**What you are asked to do:**
Repeat the stretch of entries below from the line with "have [yj|yj] := leP (y j) mid;" through the line with "move=> d0 xd; rewrite /linf_norm.". Include both ends and add nothing.

[Collected data]
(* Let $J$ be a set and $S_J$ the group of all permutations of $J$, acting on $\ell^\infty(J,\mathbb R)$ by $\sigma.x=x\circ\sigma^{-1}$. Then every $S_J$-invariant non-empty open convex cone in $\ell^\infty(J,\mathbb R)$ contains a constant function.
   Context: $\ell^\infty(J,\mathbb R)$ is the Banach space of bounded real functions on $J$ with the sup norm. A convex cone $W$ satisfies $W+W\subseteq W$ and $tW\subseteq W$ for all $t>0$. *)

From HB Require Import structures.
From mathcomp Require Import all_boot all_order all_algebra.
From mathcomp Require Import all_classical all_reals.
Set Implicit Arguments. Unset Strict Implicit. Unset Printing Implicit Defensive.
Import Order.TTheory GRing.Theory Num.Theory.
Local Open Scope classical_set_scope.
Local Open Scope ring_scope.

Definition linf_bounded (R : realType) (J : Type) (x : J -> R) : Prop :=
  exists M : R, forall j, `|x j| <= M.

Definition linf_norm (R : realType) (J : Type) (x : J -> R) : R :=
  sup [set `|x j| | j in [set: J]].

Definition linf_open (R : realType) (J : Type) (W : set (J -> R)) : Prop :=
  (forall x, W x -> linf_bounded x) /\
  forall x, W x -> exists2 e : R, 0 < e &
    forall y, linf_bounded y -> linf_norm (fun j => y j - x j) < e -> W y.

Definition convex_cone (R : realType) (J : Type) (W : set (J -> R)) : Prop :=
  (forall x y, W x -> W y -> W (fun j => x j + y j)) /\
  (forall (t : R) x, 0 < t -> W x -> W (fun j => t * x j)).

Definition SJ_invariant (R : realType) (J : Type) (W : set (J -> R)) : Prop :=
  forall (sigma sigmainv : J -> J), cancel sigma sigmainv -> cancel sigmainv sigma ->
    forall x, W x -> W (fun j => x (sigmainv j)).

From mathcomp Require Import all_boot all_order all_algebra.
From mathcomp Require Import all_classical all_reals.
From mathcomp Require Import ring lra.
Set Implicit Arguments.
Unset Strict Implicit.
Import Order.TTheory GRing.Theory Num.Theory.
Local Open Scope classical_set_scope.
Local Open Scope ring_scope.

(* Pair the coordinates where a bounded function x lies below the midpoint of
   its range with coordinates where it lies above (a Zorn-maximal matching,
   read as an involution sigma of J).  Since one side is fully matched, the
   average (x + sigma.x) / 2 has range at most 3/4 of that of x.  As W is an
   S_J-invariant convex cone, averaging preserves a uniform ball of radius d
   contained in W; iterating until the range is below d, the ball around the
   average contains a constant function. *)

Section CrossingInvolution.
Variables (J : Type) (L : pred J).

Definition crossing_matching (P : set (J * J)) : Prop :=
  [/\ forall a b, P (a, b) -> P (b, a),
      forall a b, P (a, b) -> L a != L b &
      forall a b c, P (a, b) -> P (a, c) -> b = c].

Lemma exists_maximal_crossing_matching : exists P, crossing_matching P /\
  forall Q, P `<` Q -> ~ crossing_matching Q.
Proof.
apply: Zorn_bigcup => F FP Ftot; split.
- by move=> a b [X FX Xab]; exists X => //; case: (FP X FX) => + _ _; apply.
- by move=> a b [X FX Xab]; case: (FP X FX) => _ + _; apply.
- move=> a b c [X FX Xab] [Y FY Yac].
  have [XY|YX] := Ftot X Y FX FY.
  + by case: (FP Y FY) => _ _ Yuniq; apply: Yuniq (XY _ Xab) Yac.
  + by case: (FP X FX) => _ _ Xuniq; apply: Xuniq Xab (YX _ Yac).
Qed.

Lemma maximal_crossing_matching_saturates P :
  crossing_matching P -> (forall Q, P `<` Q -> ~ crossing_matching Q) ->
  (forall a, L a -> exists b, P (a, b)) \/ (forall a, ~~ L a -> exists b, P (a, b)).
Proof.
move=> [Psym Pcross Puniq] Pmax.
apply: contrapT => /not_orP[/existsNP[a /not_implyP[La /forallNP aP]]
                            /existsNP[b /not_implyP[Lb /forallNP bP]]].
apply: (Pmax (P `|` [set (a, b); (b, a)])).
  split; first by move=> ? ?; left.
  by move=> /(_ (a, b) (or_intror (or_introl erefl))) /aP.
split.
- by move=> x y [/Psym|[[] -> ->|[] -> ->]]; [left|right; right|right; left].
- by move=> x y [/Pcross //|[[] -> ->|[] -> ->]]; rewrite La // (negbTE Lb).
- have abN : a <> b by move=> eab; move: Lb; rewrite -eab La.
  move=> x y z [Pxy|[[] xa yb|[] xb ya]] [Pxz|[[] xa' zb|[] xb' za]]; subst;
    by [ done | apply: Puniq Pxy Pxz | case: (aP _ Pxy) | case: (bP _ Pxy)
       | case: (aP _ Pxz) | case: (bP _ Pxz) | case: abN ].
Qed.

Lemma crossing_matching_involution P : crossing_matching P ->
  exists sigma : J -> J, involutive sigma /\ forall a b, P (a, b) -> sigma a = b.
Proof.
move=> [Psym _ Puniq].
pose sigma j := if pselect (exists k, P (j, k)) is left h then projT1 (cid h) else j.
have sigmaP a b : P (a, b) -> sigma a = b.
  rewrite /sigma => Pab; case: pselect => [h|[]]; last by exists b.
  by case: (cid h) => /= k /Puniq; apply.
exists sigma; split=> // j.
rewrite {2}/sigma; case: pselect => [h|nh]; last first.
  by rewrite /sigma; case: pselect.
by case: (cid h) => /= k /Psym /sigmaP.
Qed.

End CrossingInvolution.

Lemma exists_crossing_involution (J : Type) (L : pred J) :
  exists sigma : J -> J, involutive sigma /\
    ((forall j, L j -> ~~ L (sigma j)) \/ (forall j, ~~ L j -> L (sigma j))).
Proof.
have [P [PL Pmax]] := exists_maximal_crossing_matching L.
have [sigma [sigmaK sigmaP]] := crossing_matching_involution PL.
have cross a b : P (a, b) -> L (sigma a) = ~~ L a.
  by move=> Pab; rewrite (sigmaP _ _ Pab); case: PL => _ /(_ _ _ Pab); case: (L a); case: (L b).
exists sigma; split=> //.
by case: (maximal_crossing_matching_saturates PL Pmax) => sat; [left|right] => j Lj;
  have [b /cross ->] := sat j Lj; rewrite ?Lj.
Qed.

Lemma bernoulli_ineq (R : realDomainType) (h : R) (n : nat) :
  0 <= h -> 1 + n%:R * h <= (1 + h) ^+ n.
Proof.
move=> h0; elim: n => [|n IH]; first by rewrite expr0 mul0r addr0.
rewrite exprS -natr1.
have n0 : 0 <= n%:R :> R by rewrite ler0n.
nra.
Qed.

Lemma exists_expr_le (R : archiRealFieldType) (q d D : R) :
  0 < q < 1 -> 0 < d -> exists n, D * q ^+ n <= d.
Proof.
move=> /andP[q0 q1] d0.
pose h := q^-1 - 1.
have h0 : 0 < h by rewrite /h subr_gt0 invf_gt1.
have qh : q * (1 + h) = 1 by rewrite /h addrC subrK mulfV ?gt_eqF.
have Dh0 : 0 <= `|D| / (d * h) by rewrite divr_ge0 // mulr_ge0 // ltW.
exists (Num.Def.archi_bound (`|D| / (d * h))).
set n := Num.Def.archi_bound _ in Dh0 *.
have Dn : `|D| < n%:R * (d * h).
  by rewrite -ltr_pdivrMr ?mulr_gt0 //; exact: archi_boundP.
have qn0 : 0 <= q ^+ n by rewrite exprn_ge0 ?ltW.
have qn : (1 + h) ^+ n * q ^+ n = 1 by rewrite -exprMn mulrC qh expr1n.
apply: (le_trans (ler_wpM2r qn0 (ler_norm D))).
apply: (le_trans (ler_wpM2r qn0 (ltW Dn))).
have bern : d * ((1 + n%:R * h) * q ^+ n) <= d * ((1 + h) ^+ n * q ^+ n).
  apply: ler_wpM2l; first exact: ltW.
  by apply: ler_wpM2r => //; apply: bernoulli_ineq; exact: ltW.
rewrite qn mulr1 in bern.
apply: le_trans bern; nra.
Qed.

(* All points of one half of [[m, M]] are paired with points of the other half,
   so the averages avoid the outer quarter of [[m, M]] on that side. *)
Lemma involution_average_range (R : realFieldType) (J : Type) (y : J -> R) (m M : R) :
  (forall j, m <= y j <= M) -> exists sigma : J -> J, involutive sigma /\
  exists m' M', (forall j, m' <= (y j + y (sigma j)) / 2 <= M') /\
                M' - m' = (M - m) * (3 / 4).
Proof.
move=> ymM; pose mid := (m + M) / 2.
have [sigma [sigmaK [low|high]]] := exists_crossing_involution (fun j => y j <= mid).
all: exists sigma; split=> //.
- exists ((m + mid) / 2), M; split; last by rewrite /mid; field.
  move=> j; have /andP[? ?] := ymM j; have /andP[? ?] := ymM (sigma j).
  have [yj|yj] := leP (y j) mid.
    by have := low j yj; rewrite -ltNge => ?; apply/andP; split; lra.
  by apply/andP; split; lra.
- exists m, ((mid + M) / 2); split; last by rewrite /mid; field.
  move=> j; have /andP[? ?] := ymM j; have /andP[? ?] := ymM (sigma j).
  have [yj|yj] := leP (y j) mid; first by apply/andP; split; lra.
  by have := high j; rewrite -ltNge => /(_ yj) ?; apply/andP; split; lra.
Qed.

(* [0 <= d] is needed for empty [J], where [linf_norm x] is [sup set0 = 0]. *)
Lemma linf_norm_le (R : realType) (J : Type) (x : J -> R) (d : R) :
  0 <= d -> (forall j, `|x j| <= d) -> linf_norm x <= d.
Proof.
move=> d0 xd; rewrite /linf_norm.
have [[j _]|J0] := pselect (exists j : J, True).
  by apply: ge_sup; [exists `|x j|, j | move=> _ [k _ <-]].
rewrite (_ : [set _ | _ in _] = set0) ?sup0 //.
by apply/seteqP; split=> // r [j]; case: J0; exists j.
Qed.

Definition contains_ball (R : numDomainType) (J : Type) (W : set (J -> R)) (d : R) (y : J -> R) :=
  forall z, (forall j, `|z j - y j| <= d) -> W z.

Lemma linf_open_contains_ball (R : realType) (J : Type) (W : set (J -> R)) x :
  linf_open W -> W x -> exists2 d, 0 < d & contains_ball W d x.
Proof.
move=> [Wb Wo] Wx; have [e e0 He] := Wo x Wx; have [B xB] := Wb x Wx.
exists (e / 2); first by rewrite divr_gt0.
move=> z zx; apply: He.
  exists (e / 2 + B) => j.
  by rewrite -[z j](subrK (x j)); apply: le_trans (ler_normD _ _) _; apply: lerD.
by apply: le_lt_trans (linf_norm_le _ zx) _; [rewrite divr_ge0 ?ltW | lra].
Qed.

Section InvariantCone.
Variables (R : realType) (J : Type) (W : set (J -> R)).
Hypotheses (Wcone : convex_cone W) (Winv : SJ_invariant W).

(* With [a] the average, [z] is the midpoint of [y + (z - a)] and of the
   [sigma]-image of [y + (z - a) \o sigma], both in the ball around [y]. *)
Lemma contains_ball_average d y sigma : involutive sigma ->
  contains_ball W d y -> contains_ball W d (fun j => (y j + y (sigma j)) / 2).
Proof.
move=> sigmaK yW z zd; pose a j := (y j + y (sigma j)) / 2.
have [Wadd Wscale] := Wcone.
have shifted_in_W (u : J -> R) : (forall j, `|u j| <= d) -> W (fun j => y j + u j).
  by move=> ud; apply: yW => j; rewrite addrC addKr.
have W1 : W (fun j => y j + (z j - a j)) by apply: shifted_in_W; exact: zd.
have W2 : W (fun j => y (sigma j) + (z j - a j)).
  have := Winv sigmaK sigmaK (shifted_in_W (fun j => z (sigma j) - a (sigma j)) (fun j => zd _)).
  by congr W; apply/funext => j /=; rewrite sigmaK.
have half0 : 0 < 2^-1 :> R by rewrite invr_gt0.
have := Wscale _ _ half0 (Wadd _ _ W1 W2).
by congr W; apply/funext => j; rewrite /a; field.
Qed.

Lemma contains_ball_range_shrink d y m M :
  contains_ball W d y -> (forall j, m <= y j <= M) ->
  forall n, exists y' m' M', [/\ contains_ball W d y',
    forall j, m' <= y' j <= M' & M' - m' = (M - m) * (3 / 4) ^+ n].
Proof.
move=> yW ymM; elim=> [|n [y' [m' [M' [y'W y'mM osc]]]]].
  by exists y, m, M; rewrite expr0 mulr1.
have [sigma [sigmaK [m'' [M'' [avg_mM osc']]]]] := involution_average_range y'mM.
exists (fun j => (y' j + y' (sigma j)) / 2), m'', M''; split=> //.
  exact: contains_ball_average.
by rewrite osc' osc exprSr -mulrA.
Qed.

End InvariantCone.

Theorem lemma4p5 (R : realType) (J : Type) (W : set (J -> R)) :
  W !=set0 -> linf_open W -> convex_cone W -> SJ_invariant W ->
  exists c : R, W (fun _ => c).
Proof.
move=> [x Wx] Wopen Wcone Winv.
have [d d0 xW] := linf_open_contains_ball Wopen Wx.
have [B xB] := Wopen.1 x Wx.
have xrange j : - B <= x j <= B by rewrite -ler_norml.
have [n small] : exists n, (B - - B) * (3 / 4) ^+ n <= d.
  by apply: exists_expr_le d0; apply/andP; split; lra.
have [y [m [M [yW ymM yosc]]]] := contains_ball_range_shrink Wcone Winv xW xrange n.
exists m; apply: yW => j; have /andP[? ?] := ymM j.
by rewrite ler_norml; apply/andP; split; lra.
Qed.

**Result of the exercise:**
  have [yj|yj] := leP (y j) mid; first by apply/andP; split; lra.
  by have := high j; rewrite -ltNge => /(_ yj) ?; apply/andP; split; lra.
Qed.

(* [0 <= d] is needed for empty [J], where [linf_norm x] is [sup set0 = 0]. *)
Lemma linf_norm_le (R : realType) (J : Type) (x : J -> R) (d : R) :
  0 <= d -> (forall j, `|x j| <= d) -> linf_norm x <= d.
Proof.
move=> d0 xd; rewrite /linf_norm.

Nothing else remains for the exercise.